Понимаешь, я видел стольких идущих на площадь, до и после, но лишь перед этими двумя я хотел бы оправдаться — ведь мне было поручено их охранять, я пообещал им, что вернусь, и они ждали меня до последней минуты — а я пришел слишком поздно.
— А что стало со связной, что ездила в Петркув?
— Ничего. Однажды на обратном пути ее схватили украинцы и хотели пристрелить, но наши люди успели сунуть им деньги; украинцы поставили ее у могилы, выстрелили холостыми патронами, она сделала вид, что падает; потом по-прежнему возила газеты в Петркув.
Газеты печатались на стеклографе. Мы держали его на улице Валовой, и однажды пришлось его переносить на другое место. Идем, а навстречу несколько еврейских полицейских. Стеклограф на спине, полицейские нас окружают, чтобы отвести на Умшлагплац. Во главе патруля оказался один адвокат, он вообще-то вел себя прилично, никого не бил, часто делал вид, что не замечает побега. Мы ускользнули от них, а я говорю ребятам: «Ну и свинья он все-таки!» Но они стали мне объяснять, мол, человек попросту сломался, полагая, что наступил всем конец. То же самое говорил мне и Маслянко, когда мы втроем ехали в ФРГ в качестве свидетелей. Я с ним ни разу после войны не общался. Маслянко возражал мне (мы в поезде немного выпили): «Ну что за смысл нынче вспоминать об этом?»
Вот именно. Какой смысл — помнить?
— Через несколько дней после убийства охранника и резни шли мы в апреле по улице, Антек, Анелевич и я. Вдруг на Мурановской площади увидели толпу. Было тепло, светило яркое солнце, и люди вышли из домов. «Господи, — воскликнул я, — ну зачем они вышли? Зачем они тут ходят?» Антек сказал тогда про меня: «Как он их всех ненавидит. Хочет, чтобы они сидели в темноте…» А я просто привык к тому, что выходить люди имеют право только ночью. Днем их могут увидеть, и они погибнут.
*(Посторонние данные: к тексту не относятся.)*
(** Part (i).  Let [T] be α-envy-free and [S] arbitrary.  Subadditivity of a
    valuation along the cover [T] shows that agent [a]'s share in [S] is worth
    at most [alpha * u_a] per piece of [T] it meets, where [u_a] is her value
    in [T] (in particular [u_a > 0]).  Pieces of two allocations of an interval
    meet in at most [2n] pairs, so the ratios [f_a / u_a] average at most
    [2 alpha]; by AM-GM, [prod f <= (2 alpha)^n prod u], i.e.
    [NSW S <= 2 alpha NSW T].

    Part (ii).  Let [S] be Nash optimal; its values are positive, as [T] has
    positive Nash social welfare.  If
    [a] valued a piece [b] to her right more than four times her own, then
    the right neighbour of [a] could absorb [a]'s piece, and [b]'s piece could
    be halved (for [b]) with [a] receiving the half she prefers: [a] more than
    doubles, [b] keeps half, nobody else loses, so the Nash product increases.
    Pieces to the left are handled by reflecting the cake [t |-> 1 - t]. *)

(** * Finite sums and products over the agents [0, ..., n-1] *)

Definition upd (f : nat -> R) (a : nat) (x : R) : nat -> R :=
  fun d => if Nat.eqb d a then x else f d.

Lemma upd_same f a x : upd f a x a = x.
Proof. unfold upd. rewrite Nat.eqb_refl. reflexivity. Qed.

Lemma upd_other f a x d : d <> a -> upd f a x d = f d.
Proof. intros H. unfold upd. destruct (Nat.eqb_spec d a); [contradiction|reflexivity]. Qed.

Fixpoint sumR (n : nat) (f : nat -> R) : R :=
  match n with O => 0 | S m => sumR m f + f m end.

Lemma sumR_ext n f g :
  (forall i, (i < n)%nat -> f i = g i) -> sumR n f = sumR n g.
Proof.
  induction n as [|n IH]; intros H; simpl; [reflexivity|].
  rewrite H, IH by (auto; intros; apply H; lia). reflexivity.
Qed.

Lemma sumR_le n f g :
  (forall i, (i < n)%nat -> f i <= g i) -> sumR n f <= sumR n g.
Proof.
  induction n as [|n IH]; intros H; simpl; [lra|].
  assert (f n <= g n) by (apply H; lia).
  assert (sumR n f <= sumR n g) by (apply IH; intros; apply H; lia). lra.
Qed.

Lemma sumR_const n c : sumR n (fun _ => c) = INR n * c.
Proof. induction n as [|n IH]; simpl sumR; [simpl; ring|]. rewrite IH, S_INR. ring. Qed.

Lemma sumR_nonneg n f : (forall i, (i < n)%nat -> 0 <= f i) -> 0 <= sumR n f.
Proof. intros H. rewrite <- (Rmult_0_r (INR n)), <- sumR_const. apply sumR_le; auto. Qed.

Lemma sumR_plus n f g : sumR n (fun i => f i + g i) = sumR n f + sumR n g.
Proof. induction n as [|n IH]; simpl; [ring|]. rewrite IH. ring. Qed.

Lemma sumR_scal n c f : sumR n (fun i => c * f i) = c * sumR n f.
Proof. induction n as [|n IH]; simpl; [ring|]. rewrite IH. ring. Qed.

Lemma sumR_swap n m (F : nat -> nat -> R) :
  sumR n (fun a => sumR m (F a)) = sumR m (fun b => sumR n (fun a => F a b)).
Proof.
  induction n as [|n IH]; simpl.
  - rewrite sumR_const. ring.
  - rewrite IH, <- sumR_plus. reflexivity.
Qed.

Lemma sumR_update n f a A : (a < n)%nat -> sumR n (upd f a A) = sumR n f - f a + A.
Proof.
  induction n as [|n IH]; intros Ha; [lia|]. simpl.
  destruct (Nat.eq_dec n a) as [->|Hna].
  - rewrite upd_same, (sumR_ext a (upd f a A) f); [ring|].
    intros i Hi. apply upd_other. lia.
  - rewrite IH, upd_other by lia. ring.
Qed.

Lemma sumR_term_le n f i :
  (forall j, (j < n)%nat -> 0 <= f j) -> (i < n)%nat -> f i <= sumR n f.
Proof.
  intros H Hi.
  assert (0 <= sumR n (upd f i 0)).
  { apply sumR_nonneg. intros j Hj. unfold upd. destruct (Nat.eqb j i); auto; lra. }
  rewrite sumR_update in H0 by exact Hi. lra.
Qed.

Lemma sumR_indicator_le1 n f :
  (forall i, (i < n)%nat -> f i = 0 \/ f i = 1) ->
  (forall i j, (i < n)%nat -> (j < n)%nat -> f i = 1 -> f j = 1 -> i = j) ->
  sumR n f <= 1.
Proof.
  intros H01 Huniq.
  enough (sumR n f = 0 \/ (sumR n f = 1 /\ exists i, (i < n)%nat /\ f i = 1)) by lra.
  induction n as [|n IH]; simpl; [left; reflexivity|].
  destruct IH as [S0|[S1 [i [Hi Ei]]]];
    [intros; apply H01; lia | intros; apply Huniq; auto; lia | |];
    (destruct (H01 n) as [e|e]; [lia| |]).
  - left. lra.
  - right. split; [lra|]. exists n. split; [lia|exact e].
  - right. split; [lra|]. exists i. split; [lia|exact Ei].
  - assert (i = n) by (apply Huniq; auto; lia). lia.
Qed.
Lemma prodR_ext n f g :
  (forall i, (i < n)%nat -> f i = g i) -> prodR n f = prodR n g.
Proof.
  induction n as [|n IH]; intros H; simpl; [reflexivity|].
  rewrite H, IH by (auto; intros; apply H; lia). reflexivity.
Qed.

Lemma prodR_nonneg n f : (forall i, (i < n)%nat -> 0 <= f i) -> 0 <= prodR n f.
Proof.
  induction n as [|n IH]; intros H; simpl; [lra|].
  apply Rmult_le_pos; [apply IH; intros|]; apply H; lia.
Qed.

Lemma prodR_pos n f : (forall i, (i < n)%nat -> 0 < f i) -> 0 < prodR n f.
Proof.
  induction n as [|n IH]; intros H; simpl; [lra|].
  apply Rmult_lt_0_compat; [apply IH; intros|]; apply H; lia.
Qed.

Lemma prodR_le n f g :
  (forall i, (i < n)%nat -> 0 <= f i <= g i) -> prodR n f <= prodR n g.
Proof.
  induction n as [|n IH]; intros H; simpl; [lra|].
  apply Rmult_le_compat;
    [apply prodR_nonneg; intros; apply H; lia | apply H; lia
    | apply IH; intros; apply H; lia | apply H; lia].
Qed.

Lemma prodR_mult n f g : prodR n (fun i => f i * g i) = prodR n f * prodR n g.
Proof. induction n as [|n IH]; simpl; [ring|]. rewrite IH. ring. Qed.

Lemma prodR_scal n c f : prodR n (fun i => c * f i) = c ^ n * prodR n f.
Proof. induction n as [|n IH]; simpl; [ring|]. rewrite IH. ring. Qed.

Lemma prodR_extract n f a : (a < n)%nat -> prodR n f = f a * prodR n (upd f a 1).
Proof.
  induction n as [|n IH]; intros Ha; [lia|]. simpl.
  destruct (Nat.eq_dec n a) as [->|Hna].
  - rewrite upd_same, (prodR_ext a (upd f a 1) f); [ring|].
    intros i Hi. apply upd_other. lia.
  - rewrite IH, upd_other by lia. ring.
Qed.

Lemma prodR_pos_factor n f :
  (forall i, (i < n)%nat -> 0 <= f i) -> 0 < prodR n f ->
  forall i, (i < n)%nat -> 0 < f i.
Proof.
  intros H Hp i Hi. rewrite (prodR_extract n f i Hi) in Hp.
  destruct (H i Hi) as [|e]; [assumption|]. rewrite <- e in Hp. lra.
Qed.

Lemma exp_le x y : x <= y -> exp x <= exp y.
Proof. intros [H|H]; [apply Rlt_le, exp_increasing, H|rewrite H; apply Rle_refl]. Qed.

(** The AM-GM inequality in the form [prod y <= exp (sum y - n)],
    from [1 + t <= exp t] applied to each factor. *)
Lemma prodR_le_exp_sum n y :
  (forall i, (i < n)%nat -> 0 <= y i) -> prodR n y <= exp (sumR n y - INR n).
Proof.
  induction n as [|n IH]; cbn [prodR sumR]; intros H.
  - simpl. rewrite Rminus_0_r, exp_0. lra.
  - rewrite S_INR.
    replace (sumR n y + y n - (INR n + 1)) with ((sumR n y - INR n) + (y n - 1)) by ring.
    rewrite exp_plus. pose proof (exp_ineq1_le (y n - 1)).
    apply Rmult_le_compat;
      [apply prodR_nonneg; intros; apply H; lia | apply H; lia
      | apply IH; intros; apply H; lia | lra].
Qed.

Lemma prodR_le_of_ratio_sum n f u c :
  0 < c -> (forall a, (a < n)%nat -> 0 <= f a /\ 0 < u a) ->
  sumR n (fun a => f a / u a) <= c * INR n ->
  prodR n f <= c ^ n * prodR n u.
Proof.
  intros Hc Hfu Hsum.
  set (y := fun a => / c * (f a / u a)).
  assert (Hy : forall a, (a < n)%nat -> 0 <= y a).
  { intros a Ha. destruct (Hfu a Ha). unfold y, Rdiv.
    repeat apply Rmult_le_pos; try apply Rlt_le, Rinv_0_lt_compat; auto. }
  assert (Hprod_y : prodR n y <= 1).
  { eapply Rle_trans; [apply prodR_le_exp_sum; exact Hy|].
    rewrite <- exp_0. apply exp_le. unfold y. rewrite sumR_scal.
    apply (Rmult_le_compat_l (/ c)) in Hsum; [|apply Rlt_le, Rinv_0_lt_compat; exact Hc].
    rewrite <- Rmult_assoc, Rinv_l, Rmult_1_l in Hsum by lra. lra. }
  rewrite (prodR_ext n f (fun a => c * (u a * y a))).
  - rewrite prodR_scal, prodR_mult.
    assert (0 <= c ^ n * prodR n u).
    { apply Rmult_le_pos; [apply pow_le; lra|apply prodR_nonneg; intros a Ha; apply Rlt_le, Hfu, Ha]. }
    assert (0 <= prodR n y) by (apply prodR_nonneg; exact Hy). nra.
  - intros a Ha. unfold y. field. split; [apply Rgt_not_eq, Hfu, Ha|lra].
Qed.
Помню, именно Антек был первым, который сказал в штабе, что немцы подожгут гетто. Это было тогда, когда мы решали, как погибнуть — броситься ли на стену, или дать перестрелять себя на Цитадели, или поджечь гетто и сгореть. «А если они сами нас подожгут?» Мы возразили ему: «Не говори глупостей, весь город не сожгут». А на второй день восстания они и в самом деле подожгли. Мы находились в укрытии, и кто-то вбежал, отчаянно крича, что все горит. Началась паника: «Все кончено, мы погибли!» — тогда мне и пришлось дать по морде тому парню, чтобы успокоился.
Мы вышли во двор, видим, подожгли со всех сторон; правда, центральное гетто еще не горело, только наша часть, фабрика щеток. Я решил, что мы должны пробиться через огонь. Аня, подружка Адама, та, которая вырвалась из Павяка, сказала, что не побежит, потому что должна остаться с матерью, — мы оставили ее, а сами бросились бежать через двор. Добрались до стены на Францисканской, там был пролом, но его освещал прожектор. Ребята снова в истерику: не пойдем, нас всех перестреляют. И я сказал им: не хотят, пусть остаются; они остались, человек шесть, а Зигмунт выстрелил в прожектор, и нам удалось быстро проскочить. (Это тот Зигмунт, который все повторял, что я выживу, а он нет, и просил найти его дочь в Замостье.)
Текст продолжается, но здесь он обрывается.